Schodzimy bawiąc się w kolory i rozmawiając o zbliżającym się początku szkoły. Snujemy jeszcze plany na ostatnie weekendy wakacji, podziwiamy widoki na Wysoki Kamień, Kopalnię Kwarcu „Stanisław” i nagle wyrastają przed nami zabudowania na Polanie Jakuszyckiej. – A ja wcale nie jestem zmęczony! – woła Ignaś i pędem biegnie w stronę stacji.
Tak więc jesteśmy, na końcu naszej drogi, wcale nie u celu. Bo przecież celem była dzisiaj sama droga. Wspólne rozmowy, śmiech, milczenie. Doświadczanie gór… Po prostu bycie razem.
Informacje praktyczne:
- Długość trasy i czas przejścia według mapy: 17,4 km, 4:52 h. Nasz czas: 8 h. Całą trasę 5-latek przeszedł sam. Po drodze najdłuższą, godzinną przerwę zrobiliśmy przy Jagnięcym Potoku, a wcześniej 45 min. na Polanie Izerskiej.

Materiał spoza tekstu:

Theorem lemma6p5 (R : realType) (V : lmodType R) (D : set (R * V))
  (B c : R -> V -> R) :
  convex_RV D ->
  fd_affine_continuous D B ->
  (forall (f fp fm : R) (N Np Nm : V),
     D (f, N) -> D (fp, Np) -> D (fm, Nm) ->
     f = (fp + fm) / 2 -> N = 2^-1 *: (Np + Nm) ->
     c f N * (fp - f) ^+ 2 <= (B fp Np + B fm Nm) / 2 - B f N /\
     0 <= c f N * (fp - f) ^+ 2) ->
  forall (n : nat) (fk : 'I_n -> R) (Nk : 'I_n -> V) (g : 'I_n -> R),
    (forall k, D (fk k, Nk k)) ->
    (forall k, 0 <= g k) ->
    \sum_(k < n) g k = 1 ->
    let f := \sum_(k < n) g k * fk k in
    let N := \sum_(k < n) g k *: Nk k in
    4^-1 * c f N * (\sum_(k < n) g k * `|fk k - f|) ^+ 2
      <= - B f N + \sum_(k < n) g k * B (fk k) (Nk k).
Proof.
move=> cvx cont Bmid n fk Nk g Dk g_ge0 g_sum; cbv zeta.
set f := \sum_(k < n) g k * fk k; set N := \sum_(k < n) g k *: Nk k.
have [sigma [sigma_bd sigma_sum dev]] := mean_abs_deviation_split fk g_ge0 g_sum.
have [] := jensen_symmetric_pair (convex_RV_segment cvx)
  (fd_affine_continuous_segment cvx cont) (uncurry_midpoint_convex cvx Bmid)
  (p := fun k => (fk k, Nk k)) Dk g_ge0 g_sum sigma_bd sigma_sum.
set xp := \sum_(k < n) _ *: _; set xm := \sum_(k < n) _ *: _.
rewrite sum_pairE => Dxp Dxm mid avg.
have [+ _] := midpoint_gap_pair Bmid
  (convex_midpoint (convex_RV_segment cvx) Dxp Dxm) Dxp Dxm erefl.
rewrite mid /=.
have -> : xp.1 - f = (\sum_(k < n) g k * `|fk k - f|) / 2.
  rewrite -dev /xp sum_pairE /= -sumrB; apply: eq_bigr => k _ /=.
  by rewrite -[_ *: fk k]/(_ * fk k); ring.
have avgB : (uncurry B xp + uncurry B xm) / 2 <=
  \sum_(k < n) g k * B (fk k) (Nk k) := avg.
have -> a : c f N * (a / 2) ^+ 2 = 4^-1 * c f N * a ^+ 2 by field.
lra.
Qed.
(* Let $Q$ be a finite set with $|Q|\ge2$, let $0\le r\le m$ be integers, let $G_m$ be the subgroup of $\mathcal D_m$ generated by some $r$ of the elements $g_0,\dots,g_{m-1}$, let $W=\{w\in Q^{\mathcal D_m}: w(g+\cdot)=w(\cdot)\ \forall g\in G_m\}$, and let $\nu$ be the uniform probability measure on $W$ (regarded as a measure on $Q^{\mathcal D_m}$). Then for every sufficiently small $\varepsilon>0$ there are constants $0<c\le C$ depending only on $\varepsilon$ and $|Q|$ such that $c\,2^{m-r}\le \mathbb H_\varepsilon(Q^{\mathcal D_m},\nu,\operatorname{dist}_m)\le C\,2^{m-r}$ whenever $m-r$ is large enough; i.e. $\mathbb H_\varepsilon(Q^{\mathcal D_m},\nu,\operatorname{dist}_m)\asymp 2^{m-r}$ as $m-r\to\infty$.
   Context: $\mathcal D=\bigoplus_{i\ge0}\mathbb Z/2\mathbb Z$ with generators $g_0,g_1,\dots$; $\mathcal D_m=\langle g_0,\dots,g_{m-1}\rangle$ (of order $2^m$). $\mathcal T_m$ is the group of bijections $S$ of $\mathcal D_m$ that, for each $0<j<m$, map every coset of $\mathcal D_j$ in $\mathcal D_m$ onto a coset of $\mathcal D_j$ (this group is isomorphic to the automorphism group of the binary tree of height $m$); it acts on $Q^{\mathcal D_m}$ by $(Sw)(g)=w(S^{-1}g)$. $d_H(w_1,w_2)=2^{-m}|\{g\in\mathcal D_m:w_1(g)\ne w_2(g)\}|$ is the normalized Hamming metric, and $\operatorname{dist}_m(w_1,w_2)=\min_{S\in\mathcal T_m}d_H(w_1,Sw_2)$. For a semimetric probability space, $\mathbb H_\varepsilon$ is the binary logarithm of the least $k$ such that the space can be partitioned into sets $X_0,\dots,X_k$ with measure of $X_0$ less than $\varepsilon$ and each $X_j$, $j\ge1$, of diameter less than $\varepsilon$. *)

From Stdlib Require Import Reals ClassicalEpsilon.
From HB Require Import structures.
From mathcomp Require Import all_boot all_fingroup.

Set Implicit Arguments.
Unset Strict Implicit.
Unset Printing Implicit Defensive.

Definition Dm (m : nat) : finType := {ffun 'I_m -> bool}.

Definition dadd (m : nat) (x y : Dm m) : Dm m := [ffun i => addb (x i) (y i)].

(* D_j inside D_m: the subgroup generated by g_0,...,g_{j-1},
   i.e. the elements with no coordinate >= j *)
Definition Dsub (m j : nat) : {set Dm m} :=
  [set x : Dm m | [forall i : 'I_m, (j <= i)%N ==> ~~ x i]].

Definition coset_D (m j : nat) (x : Dm m) : {set Dm m} :=
  [set dadd x y | y in Dsub m j].

Definition Tm (m : nat) : {set {perm Dm m}} :=
  [set S : {perm Dm m} |
     [forall j : 'I_m, (0 < j)%N ==>
        [forall x : Dm m, [exists z : Dm m,
            S @: coset_D j x == coset_D j z]]]].

Definition Conf (Q : finType) (m : nat) : finType := {ffun Dm m -> Q}.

Do tego kilka krótszych przystanków na podjadanie jagód, picie i jedzenie.
- Data wycieczki: 14.08.2021.
- Kolej gondolowa na Stóg Izerski to koszt 40 zł osoba dorosła i 35 zł dziecko (wjazd w górę). Bezpłatny przejazd jest dla dzieci do 4 r.ż. i psa. Bilety kupiliśmy wcześniej on-line, dzięki czemu mogliśmy iść od razu do bramek.
- Do Świeradowa z Jeleniej Góry podrzucił nas autem Mariusz, po czym wrócił do pracy 😉 Jest też opcja dojazdu autobusem.
- Z Jakuszyc do Jeleniej Góry wróciliśmy pociągiem. Bilet ulgowy 7,5 zł, normalny ze zniżką na KDR tak samo. Do tego pies 4,5 zł. Bilety na PKP kupiłam przez internet już na stacji w Jakuszycach, w oczekiwaniu na pociąg. Jest zasięg 🙂
- Na trasie mamy Schronisko PTTK na Stogu Izerskim, restaurację przy górnej stacji kolejki gondolowej i Chatkę Górzystów, która jak wiadomo słynie z pysznych naleśników i dłuuuugich kolejek. Nie staliśmy, ale jeśli chcecie coś tam przekąsić, to płatność tylko gotówką.
- Trasa jak najbardziej nadaje się dla małych piechurów, praktycznie nie ma żadnych podejść ani trudnych technicznie miejsc. Dodatkowym atutem są strumienie i pobliska Izera, w których można się ochłodzić. W sezonie nie spotkamy też tu takich tłumów jak w Karkonoszach.